TASK DESCRIPTION —
Below are the entries. Transcribe exactly the lines from the one with "rewrite RRe_real //." through the one with "(* Conversely every", ends included, and leave out all others.

SOURCE INFORMATION —

☆ ☆ ☆

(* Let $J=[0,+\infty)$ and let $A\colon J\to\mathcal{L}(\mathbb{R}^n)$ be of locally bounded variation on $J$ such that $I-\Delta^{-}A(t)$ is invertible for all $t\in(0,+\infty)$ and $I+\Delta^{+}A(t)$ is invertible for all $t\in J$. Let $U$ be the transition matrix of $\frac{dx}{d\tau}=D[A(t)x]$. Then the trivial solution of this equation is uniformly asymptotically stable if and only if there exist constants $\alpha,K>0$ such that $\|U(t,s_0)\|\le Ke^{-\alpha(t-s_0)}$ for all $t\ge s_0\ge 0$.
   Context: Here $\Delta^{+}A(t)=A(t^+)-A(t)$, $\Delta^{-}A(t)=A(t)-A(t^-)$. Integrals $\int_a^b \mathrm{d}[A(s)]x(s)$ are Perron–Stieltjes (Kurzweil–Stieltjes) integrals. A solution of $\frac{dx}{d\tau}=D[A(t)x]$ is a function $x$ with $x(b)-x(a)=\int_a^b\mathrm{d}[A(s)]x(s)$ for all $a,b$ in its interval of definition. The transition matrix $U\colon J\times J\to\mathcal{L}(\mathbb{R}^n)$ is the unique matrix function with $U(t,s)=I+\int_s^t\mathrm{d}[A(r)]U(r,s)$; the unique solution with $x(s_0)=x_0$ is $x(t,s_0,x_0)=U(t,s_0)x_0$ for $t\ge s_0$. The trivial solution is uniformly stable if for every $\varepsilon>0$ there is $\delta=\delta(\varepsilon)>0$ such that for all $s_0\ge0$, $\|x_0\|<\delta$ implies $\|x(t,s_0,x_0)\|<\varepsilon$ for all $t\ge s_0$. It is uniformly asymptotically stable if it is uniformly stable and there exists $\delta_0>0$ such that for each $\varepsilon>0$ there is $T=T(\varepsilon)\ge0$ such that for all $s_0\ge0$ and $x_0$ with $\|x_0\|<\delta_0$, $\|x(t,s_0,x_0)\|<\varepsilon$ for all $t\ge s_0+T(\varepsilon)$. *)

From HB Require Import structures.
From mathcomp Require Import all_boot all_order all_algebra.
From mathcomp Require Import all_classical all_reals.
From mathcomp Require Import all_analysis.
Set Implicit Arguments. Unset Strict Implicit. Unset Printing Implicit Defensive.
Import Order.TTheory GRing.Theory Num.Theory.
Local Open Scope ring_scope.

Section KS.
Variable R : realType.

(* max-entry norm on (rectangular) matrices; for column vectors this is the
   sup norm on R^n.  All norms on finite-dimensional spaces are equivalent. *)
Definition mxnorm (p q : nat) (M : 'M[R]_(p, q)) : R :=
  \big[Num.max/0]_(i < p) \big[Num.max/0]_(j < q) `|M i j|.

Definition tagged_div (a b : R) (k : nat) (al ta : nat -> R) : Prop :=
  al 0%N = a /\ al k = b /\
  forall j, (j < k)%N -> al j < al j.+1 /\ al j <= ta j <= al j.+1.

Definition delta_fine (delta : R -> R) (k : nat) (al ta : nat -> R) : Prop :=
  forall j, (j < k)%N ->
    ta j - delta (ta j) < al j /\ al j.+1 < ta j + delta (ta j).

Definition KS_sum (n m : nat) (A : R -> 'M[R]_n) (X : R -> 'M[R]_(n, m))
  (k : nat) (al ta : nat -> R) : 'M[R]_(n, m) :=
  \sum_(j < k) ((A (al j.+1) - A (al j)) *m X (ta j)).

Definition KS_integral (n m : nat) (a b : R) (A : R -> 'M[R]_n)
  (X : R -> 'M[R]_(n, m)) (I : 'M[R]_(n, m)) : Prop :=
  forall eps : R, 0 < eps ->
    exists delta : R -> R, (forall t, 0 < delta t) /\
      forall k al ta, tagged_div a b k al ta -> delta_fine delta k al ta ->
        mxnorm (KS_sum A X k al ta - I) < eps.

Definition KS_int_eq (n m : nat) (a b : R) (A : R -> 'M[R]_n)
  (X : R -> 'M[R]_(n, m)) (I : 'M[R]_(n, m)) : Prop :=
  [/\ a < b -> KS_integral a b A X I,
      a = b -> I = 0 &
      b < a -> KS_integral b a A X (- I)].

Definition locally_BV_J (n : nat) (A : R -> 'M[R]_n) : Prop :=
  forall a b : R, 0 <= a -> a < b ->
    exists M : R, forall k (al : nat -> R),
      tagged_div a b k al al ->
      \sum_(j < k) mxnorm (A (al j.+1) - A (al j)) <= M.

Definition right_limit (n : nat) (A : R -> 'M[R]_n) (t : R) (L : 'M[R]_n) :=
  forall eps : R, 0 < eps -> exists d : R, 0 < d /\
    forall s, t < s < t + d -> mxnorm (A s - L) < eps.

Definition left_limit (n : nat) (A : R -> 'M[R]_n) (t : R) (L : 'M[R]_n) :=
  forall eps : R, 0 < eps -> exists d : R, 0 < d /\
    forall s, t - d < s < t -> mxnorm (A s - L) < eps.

☆ ☆ ☆

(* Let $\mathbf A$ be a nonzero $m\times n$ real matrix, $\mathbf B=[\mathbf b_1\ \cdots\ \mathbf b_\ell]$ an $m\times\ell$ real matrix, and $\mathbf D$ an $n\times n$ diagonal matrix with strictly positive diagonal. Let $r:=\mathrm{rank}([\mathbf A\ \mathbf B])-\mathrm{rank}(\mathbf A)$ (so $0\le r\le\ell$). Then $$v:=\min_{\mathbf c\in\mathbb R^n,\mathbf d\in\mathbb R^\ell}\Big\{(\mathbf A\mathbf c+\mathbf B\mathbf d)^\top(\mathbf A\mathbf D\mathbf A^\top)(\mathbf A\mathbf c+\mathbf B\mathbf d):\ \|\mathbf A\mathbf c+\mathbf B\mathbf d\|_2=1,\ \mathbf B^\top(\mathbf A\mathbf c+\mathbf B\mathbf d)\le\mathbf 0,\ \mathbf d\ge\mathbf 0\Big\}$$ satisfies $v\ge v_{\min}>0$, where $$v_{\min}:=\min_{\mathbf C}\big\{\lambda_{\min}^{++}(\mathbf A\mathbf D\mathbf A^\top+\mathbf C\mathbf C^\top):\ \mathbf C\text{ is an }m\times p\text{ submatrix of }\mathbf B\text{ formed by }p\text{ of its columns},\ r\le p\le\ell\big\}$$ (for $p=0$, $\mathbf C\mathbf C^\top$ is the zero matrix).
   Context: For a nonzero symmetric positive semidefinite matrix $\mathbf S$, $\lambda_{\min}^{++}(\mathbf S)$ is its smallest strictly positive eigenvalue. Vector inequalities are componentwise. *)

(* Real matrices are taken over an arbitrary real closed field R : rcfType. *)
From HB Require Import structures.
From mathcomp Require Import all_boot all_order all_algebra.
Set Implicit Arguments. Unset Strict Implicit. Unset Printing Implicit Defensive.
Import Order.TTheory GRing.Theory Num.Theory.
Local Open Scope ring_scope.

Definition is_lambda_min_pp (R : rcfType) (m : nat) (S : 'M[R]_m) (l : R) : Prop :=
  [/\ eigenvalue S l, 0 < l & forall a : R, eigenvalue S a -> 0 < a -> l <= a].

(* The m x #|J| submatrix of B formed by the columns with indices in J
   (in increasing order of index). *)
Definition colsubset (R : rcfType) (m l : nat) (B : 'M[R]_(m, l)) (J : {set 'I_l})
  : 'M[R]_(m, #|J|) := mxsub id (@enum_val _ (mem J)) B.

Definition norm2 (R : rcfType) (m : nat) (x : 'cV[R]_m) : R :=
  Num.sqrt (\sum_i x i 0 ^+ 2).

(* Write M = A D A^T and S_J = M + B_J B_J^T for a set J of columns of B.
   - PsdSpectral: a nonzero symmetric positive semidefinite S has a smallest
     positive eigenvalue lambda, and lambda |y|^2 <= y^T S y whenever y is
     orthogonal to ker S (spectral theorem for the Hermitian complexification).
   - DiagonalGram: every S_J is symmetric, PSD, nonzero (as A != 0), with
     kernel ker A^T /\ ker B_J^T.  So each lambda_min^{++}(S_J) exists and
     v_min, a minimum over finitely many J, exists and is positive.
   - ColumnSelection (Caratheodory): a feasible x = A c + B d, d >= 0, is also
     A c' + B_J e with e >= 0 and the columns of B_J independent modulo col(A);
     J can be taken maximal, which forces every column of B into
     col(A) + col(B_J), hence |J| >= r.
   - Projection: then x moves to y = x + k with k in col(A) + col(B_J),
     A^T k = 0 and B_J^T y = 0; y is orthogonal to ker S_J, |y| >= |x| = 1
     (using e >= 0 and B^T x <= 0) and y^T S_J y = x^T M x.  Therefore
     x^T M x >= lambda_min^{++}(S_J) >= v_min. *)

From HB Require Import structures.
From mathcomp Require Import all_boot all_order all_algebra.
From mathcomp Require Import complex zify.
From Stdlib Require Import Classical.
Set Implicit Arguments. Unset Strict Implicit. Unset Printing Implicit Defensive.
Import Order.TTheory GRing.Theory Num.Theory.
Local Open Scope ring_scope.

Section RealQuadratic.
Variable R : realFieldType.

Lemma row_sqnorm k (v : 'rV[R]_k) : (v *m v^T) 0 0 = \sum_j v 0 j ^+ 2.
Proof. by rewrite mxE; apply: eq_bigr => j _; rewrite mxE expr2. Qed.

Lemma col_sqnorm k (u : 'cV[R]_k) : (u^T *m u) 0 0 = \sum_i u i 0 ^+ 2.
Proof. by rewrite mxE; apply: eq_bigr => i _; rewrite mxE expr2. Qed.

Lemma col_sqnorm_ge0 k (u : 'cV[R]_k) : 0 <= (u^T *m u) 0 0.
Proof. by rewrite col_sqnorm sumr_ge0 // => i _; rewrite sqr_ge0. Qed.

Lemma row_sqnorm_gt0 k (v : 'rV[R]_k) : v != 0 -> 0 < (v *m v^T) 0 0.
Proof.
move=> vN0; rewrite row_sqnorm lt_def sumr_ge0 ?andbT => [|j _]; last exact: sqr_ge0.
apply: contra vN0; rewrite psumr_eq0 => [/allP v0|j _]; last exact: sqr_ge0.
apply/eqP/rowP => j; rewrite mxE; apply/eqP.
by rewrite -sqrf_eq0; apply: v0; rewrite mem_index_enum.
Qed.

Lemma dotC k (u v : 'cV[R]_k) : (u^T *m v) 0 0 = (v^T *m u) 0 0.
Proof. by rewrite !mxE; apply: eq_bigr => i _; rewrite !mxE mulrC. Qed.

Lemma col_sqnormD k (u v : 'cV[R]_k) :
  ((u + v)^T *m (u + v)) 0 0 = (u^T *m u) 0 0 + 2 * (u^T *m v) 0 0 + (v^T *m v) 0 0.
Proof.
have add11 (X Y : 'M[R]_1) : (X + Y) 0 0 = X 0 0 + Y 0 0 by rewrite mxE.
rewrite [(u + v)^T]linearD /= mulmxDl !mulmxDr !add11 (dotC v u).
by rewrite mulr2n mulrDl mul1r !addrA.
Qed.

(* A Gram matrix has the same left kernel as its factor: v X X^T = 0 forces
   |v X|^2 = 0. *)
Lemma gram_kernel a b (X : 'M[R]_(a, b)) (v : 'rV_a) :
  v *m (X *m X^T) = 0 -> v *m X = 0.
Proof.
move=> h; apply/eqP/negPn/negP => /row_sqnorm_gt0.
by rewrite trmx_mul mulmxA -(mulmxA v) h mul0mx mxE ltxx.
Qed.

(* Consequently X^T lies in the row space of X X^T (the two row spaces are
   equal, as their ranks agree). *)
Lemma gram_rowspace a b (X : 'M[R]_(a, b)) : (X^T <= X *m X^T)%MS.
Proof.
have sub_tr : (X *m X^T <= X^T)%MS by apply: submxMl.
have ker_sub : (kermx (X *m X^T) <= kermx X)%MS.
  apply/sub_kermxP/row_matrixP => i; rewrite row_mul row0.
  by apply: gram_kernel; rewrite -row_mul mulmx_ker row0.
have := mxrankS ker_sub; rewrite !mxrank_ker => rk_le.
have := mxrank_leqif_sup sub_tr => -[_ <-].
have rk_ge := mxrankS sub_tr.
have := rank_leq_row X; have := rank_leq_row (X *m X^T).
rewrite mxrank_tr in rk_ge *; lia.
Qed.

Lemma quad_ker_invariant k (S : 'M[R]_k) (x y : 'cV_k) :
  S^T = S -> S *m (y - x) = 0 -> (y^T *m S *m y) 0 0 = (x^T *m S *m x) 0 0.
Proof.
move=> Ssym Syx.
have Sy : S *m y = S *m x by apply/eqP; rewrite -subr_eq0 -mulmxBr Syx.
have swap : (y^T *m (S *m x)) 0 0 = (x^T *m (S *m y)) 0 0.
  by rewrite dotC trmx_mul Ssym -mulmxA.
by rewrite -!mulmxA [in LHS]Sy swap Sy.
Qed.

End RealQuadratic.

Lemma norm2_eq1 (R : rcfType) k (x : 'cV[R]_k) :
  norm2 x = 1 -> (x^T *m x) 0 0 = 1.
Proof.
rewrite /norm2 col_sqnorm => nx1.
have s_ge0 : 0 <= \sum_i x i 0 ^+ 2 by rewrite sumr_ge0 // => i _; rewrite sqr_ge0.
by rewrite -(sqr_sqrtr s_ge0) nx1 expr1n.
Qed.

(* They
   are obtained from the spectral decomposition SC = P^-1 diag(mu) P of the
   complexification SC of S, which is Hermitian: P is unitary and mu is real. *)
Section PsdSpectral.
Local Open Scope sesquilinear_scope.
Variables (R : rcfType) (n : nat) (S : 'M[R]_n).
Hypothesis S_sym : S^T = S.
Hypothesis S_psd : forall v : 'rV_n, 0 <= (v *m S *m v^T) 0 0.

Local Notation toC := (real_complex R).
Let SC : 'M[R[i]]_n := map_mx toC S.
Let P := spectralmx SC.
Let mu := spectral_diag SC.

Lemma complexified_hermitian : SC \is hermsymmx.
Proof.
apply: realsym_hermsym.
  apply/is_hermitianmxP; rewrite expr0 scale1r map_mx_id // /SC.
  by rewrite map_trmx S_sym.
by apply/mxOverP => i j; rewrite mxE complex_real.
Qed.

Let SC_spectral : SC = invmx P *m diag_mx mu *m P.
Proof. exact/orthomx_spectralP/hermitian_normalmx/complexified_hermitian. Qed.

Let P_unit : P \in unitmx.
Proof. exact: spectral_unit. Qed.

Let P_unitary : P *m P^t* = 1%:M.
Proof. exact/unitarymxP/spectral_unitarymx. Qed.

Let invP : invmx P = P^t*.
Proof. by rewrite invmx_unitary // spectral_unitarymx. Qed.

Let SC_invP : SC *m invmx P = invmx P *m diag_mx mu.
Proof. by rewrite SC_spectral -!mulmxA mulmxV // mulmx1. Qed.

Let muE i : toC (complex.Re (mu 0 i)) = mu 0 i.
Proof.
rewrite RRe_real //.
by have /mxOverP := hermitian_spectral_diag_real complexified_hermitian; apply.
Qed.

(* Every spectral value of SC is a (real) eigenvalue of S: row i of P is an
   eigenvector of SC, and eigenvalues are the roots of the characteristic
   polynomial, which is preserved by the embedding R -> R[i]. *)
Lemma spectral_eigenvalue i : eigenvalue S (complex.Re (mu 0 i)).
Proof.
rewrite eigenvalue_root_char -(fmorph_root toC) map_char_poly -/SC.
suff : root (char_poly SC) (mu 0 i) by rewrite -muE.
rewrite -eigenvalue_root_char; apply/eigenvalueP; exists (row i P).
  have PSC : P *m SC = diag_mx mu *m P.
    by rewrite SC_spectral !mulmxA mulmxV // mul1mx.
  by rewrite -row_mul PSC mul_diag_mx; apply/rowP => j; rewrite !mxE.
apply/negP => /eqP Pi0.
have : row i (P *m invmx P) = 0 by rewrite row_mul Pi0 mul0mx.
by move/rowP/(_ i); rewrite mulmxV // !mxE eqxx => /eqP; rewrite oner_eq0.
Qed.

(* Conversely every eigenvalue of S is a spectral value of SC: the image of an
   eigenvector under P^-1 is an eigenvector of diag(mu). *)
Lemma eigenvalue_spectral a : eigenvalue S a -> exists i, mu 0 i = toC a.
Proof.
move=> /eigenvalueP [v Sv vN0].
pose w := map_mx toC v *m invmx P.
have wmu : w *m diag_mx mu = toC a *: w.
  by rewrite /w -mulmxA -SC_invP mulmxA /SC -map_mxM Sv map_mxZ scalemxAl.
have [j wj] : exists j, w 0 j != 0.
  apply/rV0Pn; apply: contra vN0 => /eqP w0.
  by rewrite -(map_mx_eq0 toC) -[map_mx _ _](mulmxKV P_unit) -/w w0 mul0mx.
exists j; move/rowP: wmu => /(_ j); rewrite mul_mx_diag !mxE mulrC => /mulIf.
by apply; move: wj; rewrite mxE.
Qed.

☆ ☆ ☆

SOLVED PROBLEM —
rewrite RRe_real //.
by have /mxOverP := hermitian_spectral_diag_real complexified_hermitian; apply.
Qed.

(* Every spectral value of SC is a (real) eigenvalue of S: row i of P is an
   eigenvector of SC, and eigenvalues are the roots of the characteristic
   polynomial, which is preserved by the embedding R -> R[i]. *)
Lemma spectral_eigenvalue i : eigenvalue S (complex.Re (mu 0 i)).
Proof.
rewrite eigenvalue_root_char -(fmorph_root toC) map_char_poly -/SC.
suff : root (char_poly SC) (mu 0 i) by rewrite -muE.
rewrite -eigenvalue_root_char; apply/eigenvalueP; exists (row i P).
  have PSC : P *m SC = diag_mx mu *m P.
    by rewrite SC_spectral !mulmxA mulmxV // mul1mx.
  by rewrite -row_mul PSC mul_diag_mx; apply/rowP => j; rewrite !mxE.
apply/negP => /eqP Pi0.
have : row i (P *m invmx P) = 0 by rewrite row_mul Pi0 mul0mx.
by move/rowP/(_ i); rewrite mulmxV // !mxE eqxx => /eqP; rewrite oner_eq0.
Qed.

(* Conversely every eigenvalue of S is a spectral value of SC: the image of an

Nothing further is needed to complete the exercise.